Les faits, tels qu'ils ont été exposés par le requérant, peuvent
se résumer comme suit :
Le 16 août 1994, le requérant adressa un écrit à l'organe de
tutelle de la commission d'arbitrage du transport d'Aragon (Junta
arbitral de Transporte de Aragón), en l'informant de son intention de
présenter une réclamation contre certains débiteurs de frets
internationaux devant la commission d'arbitrage. Il demanda toutefois
la récusation des membres de la commission d'arbitrage existante ainsi
que celle de son président.
Le 22 août 1994, le requérant présenta deux demandes devant
ladite commission d'arbitrage.
Le 22 septembre 1994, celle-ci fit part au requérant qu'il n'y
avait pas lieu de modifier sa composition.

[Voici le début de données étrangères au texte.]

Lemma card_sgnpats_row_mx r N (c : 'cV[R]_r) (D : 'M[R]_(r, N)) :
  (#|sgnpats (row_mx c D)| <= #|sgnpats D| + 2 * #|sgnpats (kermx c *m D)|)%N.
Proof.
set P := sgnpats (row_mx c D); set Q := sgnpats (kermx c *m D).
set PQ := [set s | sbehead s \in Q].
have card_in : (#|P :&: PQ| <= 3 * #|Q|)%N.
  exact: leq_trans (subset_leq_card (subsetIr _ _)) (card_sbehead_in Q).
have sbehead_inj : {in P :\: PQ &, injective (@sbehead N)}.
  move=> s1 s2 /setDP[/sgnpatsP[u1 <-] s1Q] /setDP[/sgnpatsP[u2 <-] _].
  move: s1Q; rewrite inE !sbehead_sgnpat => s1Q e12.
  apply: (@shead_sbehead_inj N); congr pair; last by rewrite !sbehead_sgnpat.
  by rewrite !shead_sgnpat; apply: sign_head_eq e12 s1Q.
have card_out : (#|P :\: PQ| <= #|sgnpats D :\: Q|)%N.
  rewrite -(card_in_imset sbehead_inj); apply/subset_leq_card/fintype.subsetP.
  move=> _ /imsetP[_ /setDP[/sgnpatsP[u <-] sQ] ->].
  rewrite inE sbehead_sgnpat in sQ.
  by apply/setDP; rewrite sbehead_sgnpat mem_sgnpats.
rewrite -(cardsID PQ P) addnC; apply: leq_trans (leq_add card_out card_in) _.
rewrite -(cardsID Q (sgnpats D)) (finset.setIidPr (sgnpats_kermx_sub c D)) -/Q.
lia.
Qed.

Lemma card_sgnpats N r (C : 'M[R]_(r, N)) :
  (#|sgnpats C| <= sgnpat_bound N (\rank C))%N.
Proof.
elim: N r C => [|N IH] r C.
  by rewrite (leq_trans (max_card _)) // card_ffun card_ord.
rewrite -(hsubmxK (C : 'M[R]_(r, 1 + N))); move: (lsubmx _) (rsubmx _) => c D.
have [-> | c_neq0] := eqVneq c 0.
  rewrite (rank_row_0mx 1 D) (leq_trans (card_sgnpats_row_0mx D)) //.
  exact: leq_trans (IH _ D) (leq_sgnpat_boundSn _ _).
have rankD : (\rank D <= \rank (row_mx c D))%N.
  by rewrite -{1}(row_mxKr c D) mxrank_rsubmx.
have := mxrank_kermx_mul_lt D c_neq0.
case: (\rank (row_mx c D)) rankD => [|d] // rankD rank_ker /=.
apply: leq_trans (card_sgnpats_row_mx c D) _; apply: leq_add.
  exact: leq_trans (IH _ D) (leq_sgnpat_bound _ rankD).
by rewrite leq_mul2l (leq_trans (IH _ _)) ?orbT // leq_sgnpat_bound.
Qed.

End SignPatterns.

Section Logarithms.
Variable R : realType.

Lemma ln_le_subr1 (y : R) : 0 < y -> ln y <= y - 1.
Proof. by move=> y0; rewrite -{1}(subrKC 1 y); apply: le_ln1Dx; lra. Qed.

Lemma ln2_ge_half : (1 / 2 : R) <= ln 2.
Proof.
have := @ln_le_subr1 (2^-1) ltac:(by rewrite invr_gt0).
by rewrite lnV ?posrE //; lra.
Qed.

Lemma sgnpat_bound_le_exprD N d (x : R) : 0 <= x <= 1 ->
  (sgnpat_bound N d)%:R * x ^+ d <= (1 + 2 * x) ^+ N.
Proof.
case/andP=> x0 x1; elim: N d => [|N IH] [|d] /=.
- by rewrite mulr1.
- by rewrite mul1r exprn_ile1.
- by rewrite mul1r exprn_ege1 // lerDl mulr_ge0.
have := IH d.+1; have := IH d; rewrite natrD natrM !exprS => IHd IHdS.
have : 0 <= x * ((1 + 2 * x) ^+ N - (sgnpat_bound N d)%:R * x ^+ d).
  by rewrite mulr_ge0 // subr_ge0.
nra.
Qed.

Lemma ln_sgnpat_bound N d : (0 < d <= N)%N ->
  ln (sgnpat_bound N d)%:R <= d%:R * (2 + ln N%:R - ln d%:R) :> R.
Proof.
case/andP=> d0 dN.
have N0 : (0 < N)%N by apply: leq_trans dN.
have Ngt0 : (0 : R) < N%:R by rewrite ltr0n.
have dgt0 : (0 : R) < d%:R by rewrite ltr0n.
set x : R := d%:R / N%:R.
have x0 : 0 < x by rewrite divr_gt0.
have x01 : 0 <= x <= 1 by rewrite ltW // ler_pdivrMr // mul1r ler_nat.
have pow_le_expR : (1 + 2 * x) ^+ N <= expR (2 * d%:R).
  apply: (@le_trans _ _ (expR (2 * x) ^+ N)).
    by rewrite lerXn2r ?nnegrE ?expR_ge0 ?expR_ge1Dx // addr_ge0 ?mulr_ge0 // ltW.
  rewrite -expRM_natl (_ : _ * _ = 2 * d%:R) //.
  by rewrite /x; field; rewrite gt_eqF.
have := le_trans (sgnpat_bound_le_exprD N d x01) pow_le_expR.
rewrite -ler_ln ?posrE ?mulr_gt0 ?exprn_gt0 ?ltr0n ?sgnpat_bound_gt0 ?expR_gt0 //.
rewrite lnM ?posrE ?exprn_gt0 ?ltr0n ?sgnpat_bound_gt0 // lnXn // expRK.
rewrite /x ln_div ?posrE //; lra.
Qed.

Lemma ln8 : ln (8 : R) = 3 * ln 2.
Proof. by rewrite (_ : 8 = 2 ^+ 3) ?lnXn // ?mulr_natl; lra. Qed.

Lemma ln_8eK K : (0 < K)%N -> ln (8 * expR 1 * K%:R) = 3 * ln 2 + 1 + ln K%:R :> R.
Proof.
move=> K0; have Kgt0 : (0 : R) < K%:R by rewrite ltr0n.
by rewrite !lnM ?posrE ?mulr_gt0 ?expR_gt0 // expRK ln8.
Qed.

Lemma ln_bound_of_count n K eta (lnm : R) : (0 < eta <= n * K)%N ->
  n%:R * ln 2 <= lnm + eta%:R * (2 + ln (n * K)%:R - ln eta%:R) ->
  n%:R * ln 2 <= 2 * eta%:R * (3 * ln 2 + 1 + ln K%:R) + 2 * lnm.
Proof.
case/andP=> eta0 etanK count.
have /andP[n0 K0] : (0 < n)%N && (0 < K)%N by rewrite -muln_gt0 (leq_trans eta0).
have [ngt0 Kgt0 etagt0] : [/\ (0 : R) < n%:R, (0 : R) < K%:R & (0 : R) < eta%:R].
  by rewrite !ltr0n.
have ln2_half := ln2_ge_half.
have n_half : n%:R / 2 <= n%:R * ln 2 :> R.
  by apply: ler_wpM2l => //; lra.
have : eta%:R * (ln n%:R - 3 * ln 2 - ln eta%:R) <= n%:R / 8 - eta%:R :> R.
  have := @ln_le_subr1 (n%:R / (8 * eta%:R)) ltac:(by rewrite divr_gt0 ?mulr_gt0).
  rewrite ln_div ?lnM ?posrE ?mulr_gt0 // ln8 => /(ler_wpM2l (ltW etagt0)).
  have -> : eta%:R * (n%:R / (8 * eta%:R) - 1) = n%:R / 8 - eta%:R :> R.
    by field; rewrite gt_eqF.
  lra.
rewrite natrM lnM ?posrE // in count; lra.
Qed.

Lemma log2_bound_of_count n K eta m : (0 < m)%N ->
  (2 ^ n <= m * sgnpat_bound (n * K) eta)%N ->
  (n%:R : R) <= 2 * eta%:R * log2 (8 * expR 1 * K%:R) + 2 * log2 (m%:R : R).
Proof.
move=> m0 count; set S := sgnpat_bound (n * K) eta in count.
have ln2_gt0 : (0 : R) < ln 2 by rewrite ln_gt0 // ltr1n.
have lnm_ge0 : (0 : R) <= ln m%:R by rewrite ln_ge0 // ler1n.
have ln_count : n%:R * ln 2 <= ln m%:R + ln S%:R :> R.
  have S0 : (0 < S)%N by apply: sgnpat_bound_gt0.
  rewrite mulr_natl -lnXn // -lnM ?posrE ?ltr0n //.
  by rewrite ler_ln ?posrE ?exprn_gt0 ?mulr_gt0 ?ltr0n // -natrM -natrX ler_nat.
suff : n%:R * ln 2 <= 2 * eta%:R * ln (8 * expR 1 * K%:R) + 2 * ln m%:R :> R.
  by rewrite /log2 !mulrA -mulrDl ler_pdivlMr.
have [eta0 | eta0] := posnP eta.
  by move: ln_count; rewrite /S eta0 sgnpat_bound0 ln1 mulr0n mulr0 mul0r; lra.
have [K0 | K0] := posnP K.
  move: ln_count; rewrite /S K0 muln0 ln1 !mulr0n !mulr0 (ln0 (x := 0)) //.
  by rewrite mulr0; lra.
rewrite ln_8eK //.
have lnK_ge0 : (0 : R) <= ln K%:R by rewrite ln_ge0 // ler1n.
have [nK_lt | eta_le] := ltnP (n * K) eta.
  have : n%:R * ln 2 <= eta%:R * ln 2 :> R.
    by rewrite ler_pM2r // ler_nat (leq_trans _ (ltnW nK_lt)) // leq_pmulr.
  have : (0 : R) <= eta%:R * ln K%:R by rewrite mulr_ge0.
  have : (0 : R) <= eta%:R * ln 2 by rewrite mulr_ge0 // ltW.
  have := ler0n R eta; lra.
apply: (ln_bound_of_count (lnm := ln m%:R)); first by rewrite eta0.
by apply: (le_trans ln_count); rewrite lerD2l ln_sgnpat_bound // eta0.
Qed.

End Logarithms.

Section Shattering.
Variables (R : realType) (E D : Type) (K eta m n : nat).
Variables (psi : seq E -> 'I_K -> 'I_eta -> R) (g : 'I_m -> ('I_K -> sgn) -> D).
Variable p : 'I_n -> seq E.

Definition feature_mx : 'M[R]_(eta, #|{: 'I_n * 'I_K}|) :=
  \matrix_(a, t) psi (p (enum_val t).1) (enum_val t).2 a.

Lemma sgnpat_feature_mx w j k :
  sgnpat feature_mx (\row_a w a) (enum_rank (j, k)) = sign (dotp (psi (p j) k) w).
Proof.
rewrite ffunE mxE /dotp; congr sign.
by apply: eq_bigr => a _; rewrite !mxE enum_rankK mulrC.
Qed.

Definition labelled_set (f0 : seq E -> D)
    (x : 'I_m * {ffun 'I_#|{: 'I_n * 'I_K}| -> sgn}) : {set 'I_n} :=
  [set j | `[< g x.1 (fun k => x.2 (enum_rank (j, k))) = f0 (p j) >]].

Lemma N_shattered_count : N_shattered (Fclass psi g) p ->
  (2 ^ n <= m * #|sgnpats feature_mx|)%N.
Proof.
move=> [_ [_ [f0 [f1 [f01 shat]]]]].
have cover : powerset [set: 'I_n] \subset
    labelled_set f0 @: finset.setX [set: 'I_m] (sgnpats feature_mx).
  apply/fintype.subsetP => B _; have [_ [[w [i ->]] fB]] := shat B.
  apply/imsetP; exists (i, sgnpat feature_mx (\row_a w a)).
    by rewrite finset.in_setX finset.in_setT mem_sgnpats.
  apply/setP => j; rewrite inE /=.
  under eq_fun do rewrite sgnpat_feature_mx.
  have [jB | jB] := boolP (j \in B); have [f0j f1j] := fB j.
    by apply/esym/asboolP/f0j.
  by apply/esym/asboolP; rewrite [_ i _](f1j jB); apply/nesym/f01.
have := subset_leq_card cover.
rewrite card_powerset cardsT card_ord => /leq_trans; apply.
by rewrite (leq_trans (leq_imset_card _ _)) // finset.cardsX cardsT card_ord.
Qed.

End Shattering.

Theorem theorem11 (R : realType) (E D : Type) (K eta m : nat)
  (psi : seq E -> 'I_K -> 'I_eta -> R)
  (g : 'I_m -> ('I_K -> sgn) -> D) (g_inj : injective g) (m_pos : (0 < m)%N)
  (n : nat) (p : 'I_n -> seq E) :
  N_shattered (Fclass psi g) p ->
  (n%:R : R) <= 2 * eta%:R * log2 (8 * expR 1 * K%:R) + 2 * log2 (m%:R : R).
Proof.
move=> /N_shattered_count count; apply: log2_bound_of_count => //.
apply: (leq_trans count); rewrite leq_mul2l; apply/orP; right.
have <- : #|{: 'I_n * 'I_K}| = (n * K)%N by rewrite card_prod !card_ord.
exact: leq_trans (card_sgnpats _) (leq_sgnpat_bound _ (rank_leq_row _)).
Qed.
Lemma bernstein_partial_error n f x g k M : (k < n)%nat -> in_open_cube n x ->
  (forall y, in_cube n y -> Rabs (f y) <= M) -> frechet_derivative_at n f x g ->
  forall e, 0 < e -> exists K, 0 <= K /\
    forall m, (1 <= m)%nat -> Rabs (bernstein_partial n m f x k - g k) <= e + K / INR m.
Proof.
  intros Hk Hx HM Hg e He.
  assert (Hxc : in_cube n x) by (intros j Hj; destruct (Hx j Hj); lra).
  destruct (Hx k Hk) as [Hx0 Hx1].
  set (c := x k * (1 - x k)). assert (Hc : 0 < c) by (unfold c; nra).
  assert (Hn : 0 < INR n) by (apply lt_0_INR; lia).
  set (Mp := 2 * M + sum_lt n (fun j => Rabs (g j))).
  assert (HMp : 0 <= Mp).
  { pose proof (HM x Hxc). pose proof (Rabs_pos (f x)).
    pose proof (sum_lt_nonneg n (fun j => Rabs (g j)) (fun j _ => Rabs_pos (g j))). unfold Mp; lra. }
  set (e1 := e * c / INR n). assert (He1 : 0 < e1) by (apply Rdiv_lt_0_compat; nra).
  destruct (Hg e1 He1) as [d [Hd Hnear]].
  set (K := Mp * INR n / d ^ 4).
  assert (HK : 0 <= K)
    by (apply Rmult_le_pos; [nra|left; apply Rinv_0_lt_compat, pow_lt, Hd]).
  exists (K * INR n / c). split; [apply Rmult_le_pos; [nra|left; apply Rinv_0_lt_compat, Hc]|].
  intros m Hm. assert (0 < INR m) by (apply lt_0_INR; lia).
  rewrite (bernstein_partial_expansion n m f x g k) by auto. fold c.
  replace (g k + _ - g k) with (INR m / c * msum n m (fun i => frechet_remainder n f x g (grid_point m i)
      * (grid_point m i k - x k) * bern_B n m i x)) by ring.
  rewrite Rabs_mult, Rabs_pos_eq by (apply Rlt_le, Rdiv_lt_0_compat; auto).
  eapply Rle_trans.
  - apply Rmult_le_compat_l; [apply Rlt_le, Rdiv_lt_0_compat; auto|].
    apply (grid_remainder_mean n m x k _ e1 K); [lia|exact Hxc|lra|exact HK|].
    apply remainder_pointwise_bound; [exact Hk|exact Hxc|lra|exact Hd|exact HMp|exact Hnear|].
    apply frechet_remainder_bounded; assumption.
  - right. unfold e1. field. split; lra.
Qed.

Le 17 octobre 1994, le requérant fut appelé à comparaître devant
la commission d'arbitrage en vue d'une audience fixée au
31 octobre 1994.
Le même jour, le requérant insista sur son désaccord quant à la
composition de cette dernière.
Par décision du 31 octobre 1994, la commission d'arbitrage rejeta
les demandes du requérant précisant, d'une part, qu'elle n'était pas
compétente en raison du montant des réclamations et, d'autre part, que
le requérant n'avait, en tout état de cause, pas comparu à l'audience,
ce qui impliquait son désistement.
Le 22 novembre 1994, le requérant présenta un recours en
annulation de cette décision, qui fut rejeté par arrêt de l'Audiencia
provincial de Saragosse en date du 17 mai 1995, étant donné le
désistement du requérant, non-comparant à l'audience devant la
commission d'arbitrage, et l'incompétence de cette dernière en raison
du montant des réclamations.
Le requérant saisit alors le Tribunal constitutionnel d'un
recours d'"amparo" qui, par décision du 25 mars 1996, rejeta le recours
comme étant dépourvu de fondement constitutionnel. La décision précisa
que le tribunal a quo avait donné une réponse motivée et dépourvue
d'arbitraire et conclut que la procédure avait respecté les règles de
procédure et le principe du contradictoire.
GRIEF
Le requérant se plaint de ce que sa cause n'a pas été jugée par
un tribunal établi par la loi et estime que le bien-fondé de ses
demandes n'a été examiné ni par la commission d'arbitrage, ni par
l'Audiencia provincial. Il invoque l'article 6 par. 1 de la
Convention.
EN DROIT
Le requérant se plaint de ce que sa cause n'a pas été entendue
par un tribunal établi par la loi, décidant de son bien-fondé. Il
invoque l'article 6 par. 1 (art. 6-1) de la Convention qui, en ses
dispositions pertinentes, dispose :
"1. Toute personne a droit à ce que sa cause soit entendue
équitablement (...) par un tribunal (...) établi par la
loi, qui décidera, (...) des contestations sur ses droits
et obligations de caractère civil (...)"
La Commission note que la commission d'arbitrage rejeta les
demandes du requérant dans la mesure où elle n'était pas compétente en
raison du montant des réclamations. Par ailleurs, le fait que le
requérant n'a pas comparu à l'audience impliquait son désistement. La
Commission observe que l'Audiencia provincial de Saragosse, saisie d'un
recours en annulation de la décision de la commission d'arbitrage,
confirma cette dernière sur la base, d'une part, du désistement du
requérant, non-comparant à l'audience devant la commission d'arbitrage
et, d'autre part, de l'incompétence de la commission d'arbitrage du
fait que le montant des réclamations dépassait ses attributions.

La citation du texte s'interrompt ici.